Is A River Alive? By Robert Macfarlane. 2025. London, Hamish Hamilton, an imprint of Penguin Books. 375pp. Hardback £25.00
Readers will have probably heard of this book as it was the Book of Week during early 2025. It was written by the author over three and a half years having visited three main rivers, one in Ecuador, one in India and one in Canada. The author is a Fellow of Emmanuel College Cambridge, and has written or co-authored nine other books.
However for this book he has other co-authors, as he says ‘I wish to say plainly’… ‘written with the rivers that run through its pages….They are my co-authors.’ He also wishes to make it clear that he refers to rivers as living, as in ‘river who flow’, rather than river that flow.
Macfarlane has as his main aim to fathom out ‘Is a river alive’. He also questions ‘Does a forest have a mind?’, for he is forever in forests through which rivers flow. He reminds us that we are all living in a watershed. Too true. Most villages, towns and cities are based around an original water source, and he refers to London’s now lost rivers, ‘ghost rivers’ 20 lost in London, others in New York….. These are ‘imprisoned’ rivers that have died.
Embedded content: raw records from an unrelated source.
(** Summation by parts in integral form: if [F' = Psi' / (2 sin (g/2))] with [Psi] bounded,
    then [F] varies little, since [F - Psi / (2 sin (g/2))] has derivative
    [Psi * cos (g/2) / (2 sin (g/2))^2]. *)
Lemma abel_bound (F Psi Psi' : R -> R) (B g0 : R) :
  0 < g0 < 2 * PI ->
  (forall g, 0 < g < 2 * PI -> is_derive F g (Psi' g / (2 * sin (g / 2)))) ->
  (forall g, is_derive Psi g (Psi' g)) ->
  (forall g, Rabs (Psi g) <= B) ->
  Rabs (F g0 - F PI) <= B * abel_const g0.
Proof.
  intros Hg HF HPsi HB; assert (HP := PI_RGT_0).
  set (s0 := sin (g0 / 2)).
  assert (Hs0 : 0 < s0 <= 1) by (split; [apply sin_gt_0; lra|apply SIN_bound]).
  set (G := fun g => F g - Psi g / (2 * sin (g / 2))).
  set (G' := fun g => Psi g * cos (g / 2) / (2 * sin (g / 2)) ^ 2).
  assert (HG : Rabs (G g0 - G PI) <= B / s0 ^ 2 * Rabs (g0 - PI)).
  { destruct (MVT_abs G G' PI g0) as [c [-> Hc]].
    - intros c Hc; apply is_derive_Reals.
      destruct (sin_half_between g0 c Hg Hc) as [_ Hsc]; fold s0 in Hsc.
      assert (Hc0 : 0 < c < 2 * PI) by (unfold Rmin, Rmax in Hc; destruct (Rle_dec PI g0); lra).
      assert (Hden : is_derive (fun g => 2 * sin (g / 2)) c (cos (c / 2)))
        by (auto_derive; [exact I|unfold Rdiv; field]).
      replace (G' c) with (Psi' c / (2 * sin (c / 2))
        - (Psi' c * (2 * sin (c / 2)) - Psi c * cos (c / 2)) / (2 * sin (c / 2)) ^ 2)
        by (unfold G'; field; lra).
      unfold G; apply (is_derive_minus F); [apply HF, Hc0|].
      apply (is_derive_div Psi (fun g => 2 * sin (g / 2))); [apply HPsi|exact Hden|lra].
    - apply Rmult_le_compat_r; [apply Rabs_pos|].
      destruct (sin_half_between g0 c Hg Hc) as [_ Hsc].
      apply Rabs_div_le; [fold s0 in Hsc; nra|].
      rewrite Rabs_mult; pose proof (Rabs_pos (Psi c)).
      pose proof (HB c); assert (Rabs (cos (c / 2)) <= 1) by apply Rabs_le, COS_bound.
      pose proof (Rabs_pos (cos (c / 2))); nra. }
  assert (H0 : Rabs (Psi g0 / (2 * s0)) <= B / s0 ^ 2) by (apply Rabs_div_le; [nra|apply HB]).
  assert (HPI : Rabs (Psi PI / (2 * sin (PI / 2))) <= B / s0 ^ 2)
    by (rewrite sin_PI2; apply Rabs_div_le; [nra|apply HB]).
  replace (F g0 - F PI) with ((G g0 - G PI) + Psi g0 / (2 * s0) - Psi PI / (2 * sin (PI / 2)))
    by (unfold G; fold s0; ring).
  replace (B * abel_const g0) with (B / s0 ^ 2 * Rabs (g0 - PI) + B / s0 ^ 2 + B / s0 ^ 2)
    by (unfold abel_const; fold s0; field; lra).
  unfold Rminus at 1; eapply Rle_trans; [apply Rabs_triang|rewrite Rabs_Ropp].
  apply Rplus_le_compat; [|exact HPI].
  eapply Rle_trans; [apply Rabs_triang|]; lra.
Qed.

Lemma zsum_sin_div_close g0 u m1 m2 : 0 < g0 < 2 * PI -> (m1 <= m2 + 1)%Z ->
  u - IZR m1 + / 2 <> 0 -> u - IZR m2 - / 2 <> 0 ->
  Rabs (zsum (fun k => sin_div g0 (u - IZR k) - sin_div PI (u - IZR k)) m1 m2)
  <= (/ Rabs (u - IZR m1 + / 2) + / Rabs (u - IZR m2 - / 2)) * abel_const g0.
Proof.
  intros Hg Hm Ha Hb; unfold zsum; rewrite sum_len_minus.
  set (L := Z.to_nat (m2 - m1 + 1)); set (a := u - IZR m1 + / 2) in *.
  set (b := u - IZR m2 - / 2) in *.
  assert (HL : u - IZR m1 - INR L + / 2 = b)
    by (unfold L, b; rewrite INR_IZR_INZ, Z2Nat.id, plus_IZR, minus_IZR by lia; field).
  apply (abel_bound
    (fun g => sum_len (fun k => sin_div g (u - IZR k)) m1 L)
    (fun g => - (cos (g * a) / a) + cos (g * b) / b)
    (fun g => sin (g * a) - sin (g * b))); [exact Hg| | |].
  - intros g Hg'; assert (Hs : sin (g / 2) <> 0) by (apply Rgt_not_eq, sin_gt_0; lra).
    replace ((sin (g * a) - sin (g * b)) / (2 * sin (g / 2)))
      with (sum_len (fun k => cos (g * (u - IZR k))) m1 L).
    + apply is_derive_sum_len with (F := fun x k => sin_div x (u - IZR k)).
      intros k; apply is_derive_sin_div.
    + apply (Rmult_eq_reg_l (2 * sin (g / 2))); [|lra].
      rewrite sum_len_cos_telescope, <- HL; unfold a; field; exact Hs.
  - intros g; auto_derive; [repeat split; auto|field; auto].
  - intros g; eapply Rle_trans; [apply Rabs_triang|]; rewrite Rabs_Ropp.
    apply Rplus_le_compat; apply Rabs_div_le_inv; auto; apply Rabs_le, COS_bound.
Qed.
(* Let $\Gamma$ be a finite monoid generating set of $V$. For $z \in \{0,1\}^+$ define $L_z = \{w \in \Gamma^+ : w(z0^\omega) \neq z0^\omega\}$. Then $L_z \subseteq \mathrm{cowp}_\Gamma(V)$, and $L_z^{\mathrm{rev}}$ is a deterministic context-free language over the alphabet $\Gamma$.
   Context: Thompson group $V$: a prefix code is a set $P \subseteq \{0,1\}^*$ in which no element is a proper prefix of another; it is maximal if it is contained in no larger prefix code. Each bijection $\varphi: P\to Q$ between finite maximal prefix codes defines a homeomorphism of the Cantor space $\{0,1\}^\omega$ by $pt \mapsto \varphi(p)t$ ($p\in P$, $t \in\{0,1\}^\omega$); $V$ is the group of all such homeomorphisms under composition. A monoid generating set $\Gamma \subseteq V$ is a set such that every element of $V$ is a product of elements of $\Gamma$; it is regarded as a finite alphabet. For $w = a_n \cdots a_1\in\Gamma^+$, $w(\cdot)$ denotes the homeomorphism $a_n\circ\cdots\circ a_1$ ($a_1$ applied first). $\mathrm{cowp}_\Gamma(V) = \{w\in\Gamma^* : w \text{ does not evaluate to the identity of } V\}$. $0^\omega$ is the all-zero sequence. $L^{\mathrm{rev}} = \{w^{\mathrm{rev}}: w\in L\}$ with $(a_1\cdots a_n)^{\mathrm{rev}} = a_n\cdots a_1$. *)

From mathcomp Require Import all_boot.
Set Implicit Arguments. Unset Strict Implicit. Unset Printing Implicit Defensive.

Definition cantor := nat -> bool.

Definition cat_inf (p : seq bool) (t : cantor) : cantor :=
  fun n => if n < size p then nth false p n else t (n - size p).

Definition zeros : cantor := fun _ => false.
In Europe over one million barriers he says have been erected over watercourses, and he says that the body of water contained in the Three Gorges dam in China has ‘measurably slowed the rotation of the Earth’. There are copious references (and index), though not attributed to particular texts, three maps and a few black and white photographs.
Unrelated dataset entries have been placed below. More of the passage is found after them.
Definition hom_stable_in N I :=
  forall f, linear_on I f -> (forall x, I x -> N (f x)) -> forall x, I x -> I (f x).

Lemma linear_on0 I f : I 0 -> linear_on I f -> f 0 = 0.
Proof.
move=> I0 lin_f; have := lin_f 1 0 0 I0 I0; rewrite !mul1r addr0 => f00.
by apply: (@addrI _ (f 0)); rewrite addr0 -f00.
Qed.

Lemma linear_onM I f : I 0 -> linear_on I f -> forall a u, I u -> f (a * u) = a * f u.
Proof.
move=> I0 lin_f a u Iu.
by have := lin_f a u 0 Iu I0; rewrite !addr0 (linear_on0 I0 lin_f) addr0.
Qed.

Lemma linear_onD I f : linear_on I f -> forall u v, I u -> I v -> f (u + v) = f u + f v.
Proof. by move=> lin_f u v Iu Iv; have := lin_f 1 u v Iu Iv; rewrite !mul1r. Qed.

Lemma A_linear0 (M : lmodType A) (g : M -> A) : A_linear g -> g 0 = 0.
Proof.
move=> lin_g; have := lin_g 1 0 0; rewrite scale1r addr0 mul1r => g00.
by apply: (@addrI _ (g 0)); rewrite addr0 -g00.
Qed.

Lemma trace_ideal (M : lmodType A) : is_ideal (trace M).
Proof.
split.
  exists 0%N, (fun _ _ => 0), (fun _ => 0).
  by split=> [i a u v|]; rewrite ?big_ord0 // mulr0 addr0.
split=> [x y [n [f [m [lin_f ->]]]] [n' [f' [m' [lin_f' ->]]]] | a x [n [f [m [lin_f ->]]]]].
  exists (n + n')%N, (fun i => match split i with inl j => f j | inr j => f' j end),
    (fun i => match split i with inl j => m j | inr j => m' j end).
  split; first by move=> i; case: (split i).
  rewrite big_split_ord /=; congr (_ + _); apply: eq_bigr => i _.
    by rewrite (unsplitK (inl i : 'I_n + 'I_n')).
  by rewrite (unsplitK (inr i : 'I_n + 'I_n')).
exists n, f, (fun i => a *: m i); split=> //.
rewrite mulr_sumr; apply: eq_bigr => i _.
by have := lin_f i a (m i) 0; rewrite !addr0 (A_linear0 (lin_f i)) addr0.
Qed.

Lemma trace_hom_stable (M : lmodType A) : hom_stable (trace M).
Proof.
move=> phi lin_phi _ [n [f [m [lin_f ->]]]].
have trace_f i u : trace M (f i u).
  by exists 1%N, (fun _ => f i), (fun _ => u); rewrite big_ord1.
have phi_sum n' (F : 'I_n' -> A) : (forall i, trace M (F i)) ->
    phi (\sum_(i < n') F i) = \sum_(i < n') phi (F i).
  elim: n' F => [|n' IH] F trF.
    by rewrite !big_ord0 (linear_on0 (ideal0 (trace_ideal M)) lin_phi).
  rewrite !big_ord_recr /= (linear_onD lin_phi) ?IH //.
  exact: ideal_sum (trace_ideal M) _.
rewrite phi_sum //; exists n, (fun i u => phi (f i u)), m; split=> // i a u v.
by rewrite lin_f lin_phi.
Qed.

Section IdealModule.
Variable I : A -> Prop.
Hypothesis Iid : is_ideal I.

(* The ideal [I] as an [A]-module: the subtype of [A^o] cut out by a boolean
   (classically decided) copy of [I]. *)
Definition in_ideal : pred A^o :=
  fun x => if excluded_middle_informative (I x) then true else false.

Lemma in_idealE x : in_ideal x <-> I x.
Proof. by rewrite /in_ideal; case: excluded_middle_informative. Qed.

Lemma in_ideal_submod_closed : submod_closed in_ideal.
Proof.
split=> [|a u v /in_idealE Iu /in_idealE Iv]; apply/in_idealE; first exact: ideal0.
by apply: idealD => //; apply: idealMl.
Qed.

HB.instance Definition _ := GRing.isSubmodClosed.Build A A^o in_ideal
  in_ideal_submod_closed.
Definition ideal_module := {x : A^o | in_ideal x}.
HB.instance Definition _ := [isSub of ideal_module for @sval _ _].
HB.instance Definition _ := [Choice of ideal_module by <:].
HB.instance Definition _ := [SubChoice_isSubLmodule of ideal_module by <:].

Lemma trace_ideal_module : hom_stable I -> eqset I (trace ideal_module).
Proof.
move=> Ihs x; split=> [Ix | [n [f [m [lin_f ->]]]]].
  have Px : in_ideal x by apply/in_idealE.
  by exists 1%N, (fun _ (u : ideal_module) => val u), (fun _ => exist _ x Px);
    rewrite big_ord1.
apply: ideal_sum => // i.
pose phi z := if (insub z : option ideal_module) is Some u then f i u else 0.
have phiE (u : ideal_module) : phi (val u) = f i u by rewrite /phi valK.
have phiE' z (Pz : in_ideal z) : phi z = f i (exist _ z Pz) by rewrite -phiE.
rewrite -phiE; apply: Ihs; last exact/in_idealE/valP.
move=> a u v Iu Iv.
have [Pu Pv] : in_ideal u /\ in_ideal v by split; apply/in_idealE.
have Puv : in_ideal (a * u + v).
  by apply/in_idealE; apply: idealD => //; apply: idealMl.
rewrite (phiE' _ Pu) (phiE' _ Pv) (phiE' _ Puv) -lin_f.
by congr (f i _); apply: val_inj.
Qed.
End IdealModule.

Lemma trace_idealP I : is_trace_ideal I <-> is_ideal I /\ hom_stable I.
Proof.
split=> [[M eIM] | [Iid Ihs]]; last by eexists; exact: (trace_ideal_module Iid).
split; first exact: ideal_eqset eIM (trace_ideal M).
move=> f lin_f x /eIM Tx; apply/eIM; apply: trace_hom_stable Tx.
by move=> a u v /eIM Tu /eIM Tv; apply: lin_f.
Qed.

Lemma in_calTP I :
  in_calT I <-> [/\ is_ideal I, hom_stable I & exists x, I x /\ nzd x].
Proof.
split=> [[/trace_idealP [Iid Ihs] nzd_I] | [Iid Ihs nzd_I]]; first by split.
by split=> //; apply/trace_idealP.
Qed.

Lemma in_calT_eqset I N : eqset I N -> in_calT N -> in_calT I.
Proof.
move=> eIN /in_calTP [Nid Nhs [x [Nx nzd_x]]]; apply/in_calTP; split.
- exact: ideal_eqset eIN Nid.
- move=> f lin_f y /eIN Ny; apply/eIN; apply: Nhs Ny.
  by move=> a u v /eIN Iu /eIN Iv; apply: lin_f.
- by exists x; split=> //; apply/eIN.
Qed.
So in this book we have more on the impact of man on the ecology of watersheds and the demise of rivers, and the people that live in the forest, than the nitty-gritty answers of are these rivers alive, are forests mindful, and is there any evidence of sentience by the rivers?
The author spends a lot of time with people of the forests, how they have endured the loss of forest, gold-mining, logging, expropriation, draining of wetlands and forests, canalisation….. etc. Some of his contacts with people are described in a verbatim manner, better for the radio, than in a book and not addressing the core questions.
I would like to have the author cut to the chase with the results of his investigations. I would have like to have seen more on the evidence of sentience rather than the plight of people in the forests subjected to loss of their intimate environment which has been told many times over. Yes, people in watersheds have always revered the water, just like sun and stars as stable entities. Yes, rivers are essentially alive. Most keep on flowing. It’s what they do.
As for my own experience I have travelled the Amazon and its tributaries and am aware of its vagaries and its persistence, and need, and obligation to flow (melting snow water). It certainly has presence, standing and one has to be very respectful, and it makes its presence irrevocably known. Sure it is a living body of water and you need to be aware of that.
Rivers are given the right to flow by us, not to be abstracted or polluted. If they are to be ‘protected’ in the world we have chosen to live in, we have to speak for them as they do not have a voice. It is our anthropomorphic choice and we have chosen that avenue to protect one of our natural assets; an essential one.